** Opening The data block **
Lemma mem_of_lt_dist_boundary S x y :
  S x -> enorm (y - x) < set_dist x (boundary S) -> S y.
Proof.
move=> Sx yx_lt; apply: contrapT => nSy.
have [|t /andP[t_ge0 t_le1] bt] := segment_meets_boundary (v := y - x) Sx.
  by rewrite addrC subrK.
have := set_dist_le x bt; rewrite opprD addrA subrr add0r enormN enormZ ger0_norm //.
have : t * enorm (y - x) <= enorm (y - x) by rewrite ler_piMl ?enorm_ge0.
lra.
Qed.

End DistBoundary.

Section FrankWolfeGap.
Context {R : realType} {d : nat}.
Variable S : set 'rV[R]_d.
Hypothesis Scpt : compact S.
Implicit Types (gr x y s : 'rV[R]_d).

Lemma enorm_le_diam x y : S x -> S y -> enorm (x - y) <= diam S.
Proof.
have [B SB] := compact_enorm_bounded _ Scpt => Sx Sy.
apply: (le_sup_image _ (fun p => enorm (p.1 - p.2)) (B + B) (x, y)) => //.
move=> [u w] [/= Su Sw]; apply: le_trans (ler_enormD _ _) _.
by rewrite enormN lerD ?SB.
Qed.

Lemma le_fw_gap gr {x s} : S x -> S s -> dotv gr (x - s) <= fw_gap S gr x.
Proof.
move=> Sx Ss.
apply: (le_sup_image _ (fun s => dotv gr (x - s)) (enorm gr * diam S)) => // y Sy.
apply: le_trans (cauchy_schwarz _ _) _.
by rewrite ler_wpM2l ?enorm_ge0 ?enorm_le_diam.
Qed.

Lemma fw_gap_ge0 gr {x} : S x -> 0 <= fw_gap S gr x.
Proof. by move=> Sx; have := le_fw_gap gr Sx Sx; rewrite subrr dotv0r. Qed.

Lemma fw_gap_argmin gr x s : S x -> S s ->
  (forall s', S s' -> dotv gr (s - x) <= dotv gr (s' - x)) ->
  fw_gap S gr x = dotv gr (x - s).
Proof.
move=> Sx Ss s_min; apply/le_anti; rewrite le_fw_gap // andbT.
apply: sup_image_le; first by exists s.
by move=> s' Ss'; rewrite -(opprB s) -(opprB s') !dotvNr lerN2 s_min.
Qed.

(* Moving from [x] against [gr] by any length below [r] stays in [S]. *)
Lemma fw_gap_ge_dist_boundary gr x r : S x ->
  r <= set_dist x (boundary S) -> r * enorm gr <= fw_gap S gr x.
Proof.
move=> Sx r_le; set n := enorm gr.
have [n0|n_neq0] := eqVneq n 0; first by rewrite n0 mulr0 fw_gap_ge0.
have n_gt0 : 0 < n by rewrite lt_def n_neq0 enorm_ge0.
apply/ler_addgt0Pr => e e_gt0; rewrite -lerBlDr; set z := r * n - e.
have z_lt : z < r * n by rewrite ltrBlDr ltrDl.
have [z_le0|z_gt0] := leP z 0; first exact: le_trans z_le0 (fw_gap_ge0 gr Sx).
set t := z / n.
have t_lt_r : t < r by rewrite ltr_pdivrMr.
have Sy : S (x - (t / n) *: gr).
  apply: mem_of_lt_dist_boundary Sx _; apply: lt_le_trans r_le.
  by rewrite addrAC subrr add0r enormN enormZ ger0_norm ?divr_ge0 ?ltW // divfK.
have := le_fw_gap gr Sx Sy.
by rewrite opprB addrC subrK dotvZr -enorm_sqr -/n expr2 mulrA divfK // divfK.
Qed.

End FrankWolfeGap.
Arguments enorm_le_diam {R d S} Scpt {x y}.
Arguments le_fw_gap {R d S} Scpt gr {x s}.
Arguments fw_gap_ge0 {R d S} Scpt gr {x}.
Arguments fw_gap_argmin {R d S} Scpt gr {x s}.
Arguments fw_gap_ge_dist_boundary {R d S} Scpt gr {x r}.

Section Telescope.
Context {R : realType}.
Implicit Types (u phi : nat -> R).

Lemma min_upto_le u K k : (k <= K)%N -> min_upto u K <= u k.
Proof.
by rewrite -ltnS => kK; exact: (bigmin_le _ (Ordinal kK) (fun i : 'I_K.+1 => u i)).
Qed.

Lemma min_upto_ge0 u K : (forall k, 0 <= u k) -> 0 <= min_upto u K.
Proof. by move=> u_ge0; apply: le_bigmin. Qed.

Lemma telescope_sqr_le u phi m mu n N : 0 <= mu ->
  (forall k, u k ^+ 2 <= phi k - phi k.+1) ->
  (forall i, (i <= N)%N -> mu <= u (n + i)%N) -> m <= phi (n + N.+1)%N ->
  N.+1%:R * mu ^+ 2 <= phi n - m.
Proof.
move=> mu_ge0 decr mu_le m_le.
apply: (@le_trans _ _ (phi n - phi (n + N.+1)%N)); last by rewrite lerD2l lerN2.
have -> : phi n - phi (n + N.+1)%N = \sum_(n <= k < n + N.+1) (phi k - phi k.+1).
  rewrite -[LHS]opprB -telescope_sumr ?leq_addr // -sumrN.
  by apply: eq_bigr => k _; rewrite opprB.
have -> : N.+1%:R * mu ^+ 2 = \sum_(n <= k < n + N.+1) mu ^+ 2.
  by rewrite sumr_const_nat addKn mulr_natl.
apply: ler_sum_nat => k /andP[nk kN]; apply: le_trans (decr k).
have := mu_le (k - n)%N; rewrite subnKC // leq_subLR -ltnS -addnS => /(_ kN) mu_le_k.
by rewrite lerXn2r ?nnegrE // (le_trans mu_ge0).
Qed.

Lemma min_upto_rate {u phi c} K : 0 < c ->
  (forall k, 0 <= u k) -> (forall k, 0 <= phi k) ->
  (forall k, (c * u k) ^+ 2 <= phi k - phi k.+1) ->
  min_upto u K <= c^-1 * Num.sqrt (phi 0%N / K.+1%:R).
Proof.
move=> c_gt0 u_ge0 phi_ge0 decr.
have cm_ge0 : 0 <= c * min_upto u K := mulr_ge0 (ltW c_gt0) (min_upto_ge0 u K u_ge0).
rewrite -(ler_pM2l c_gt0) mulrA mulfV ?gt_eqF // mul1r.
rewrite -[leLHS]ger0_norm // -sqrtr_sqr ler_sqrt ?divr_ge0 // ler_pdivlMr // mulrC.
rewrite -[phi 0%N]subr0.
apply: (telescope_sqr_le (fun k => c * u k) phi 0 _ 0 K) => // i iK.
by rewrite add0n; apply: ler_wpM2l; [exact: ltW | exact: min_upto_le].
Qed.

Lemma limn_einf_eq0 u : (forall k, 0 <= u k) ->
  (forall n e, 0 < e -> exists2 k, (n <= k)%N & u k <= e) ->
  limn_einf (fun k => (u k)%:E) = 0%E.
Proof.
move=> u_ge0 u_small; rewrite limn_einf_lim.
suff -> : einfs (fun k => (u k)%:E) = fun=> 0%E by exact: lim_cst.
apply/funext => n /=; apply/le_anti/andP; split.
- apply/lee_addgt0Pr => e e_gt0; rewrite add0e; apply: ge_ereal_inf.
  have [k nk uk] := u_small n e e_gt0.
  by exists (u k)%:E; [exists k | rewrite lee_fin].
- by apply: le_ereal_inf_tmp => _ [k _ <-]; rewrite lee_fin.
Qed.

Lemma limn_einf_telescope {u phi c} : 0 < c ->
  (forall k, 0 <= u k) -> (forall k, 0 <= phi k) ->
  (forall k, (c * u k) ^+ 2 <= phi k - phi k.+1) ->
  limn_einf (fun k => (u k)%:E) = 0%E.
Proof.
move=> c_gt0 u_ge0 phi_ge0 decr; apply: limn_einf_eq0 => // n e e_gt0.
apply: contrapT => no_small.
have ce_gt0 : 0 < (c * e) ^+ 2 by rewrite exprn_gt0 ?mulr_gt0.
have : (Num.truncn (phi n / (c * e) ^+ 2)).+1%:R * (c * e) ^+ 2 <= phi n - 0.
  apply: (telescope_sqr_le (fun k => c * u k)) => //.
    by rewrite mulr_ge0 ?ltW.
  move=> i _; apply: ler_wpM2l; first exact: ltW.
  rewrite leNgt; apply/negP => ui_lt.
  by apply: no_small; exists (n + i)%N; rewrite ?leq_addr ?ltW.
by rewrite subr0 -ler_pdivlMr // leNgt truncnS_gt.
Qed.

Lemma sqrt_div_succ_le (a : R) K : 0 <= a -> (0 < K)%N ->
  Num.sqrt (a / K.+1%:R) <= Num.sqrt a / Num.sqrt K%:R.
Proof.
move=> a_ge0 K_gt0; have sK_gt0 : 0 < Num.sqrt (K%:R : R) by rewrite sqrtr_gt0 ltr0n.
rewrite ler_pdivlMr // -sqrtrM ?divr_ge0 // ler_sqrt ?divr_ge0 //.
by rewrite mulrAC ler_pdivrMr ?ltr0n // ler_wpM2l // ler_nat.
Qed.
** Closing The data block **
▶ _Prompt_
Every line above from the line with "have : t * enorm" to the line with "Implicit Types (gr x y s : 'rV[R]_d).", both included, must be reproduced exactly, and no other line may appear.

▶ _Reply to the task_
have : t * enorm (y - x) <= enorm (y - x) by rewrite ler_piMl ?enorm_ge0.
lra.
Qed.

End DistBoundary.

Section FrankWolfeGap.
Context {R : realType} {d : nat}.
Variable S : set 'rV[R]_d.
Hypothesis Scpt : compact S.
Implicit Types (gr x y s : 'rV[R]_d).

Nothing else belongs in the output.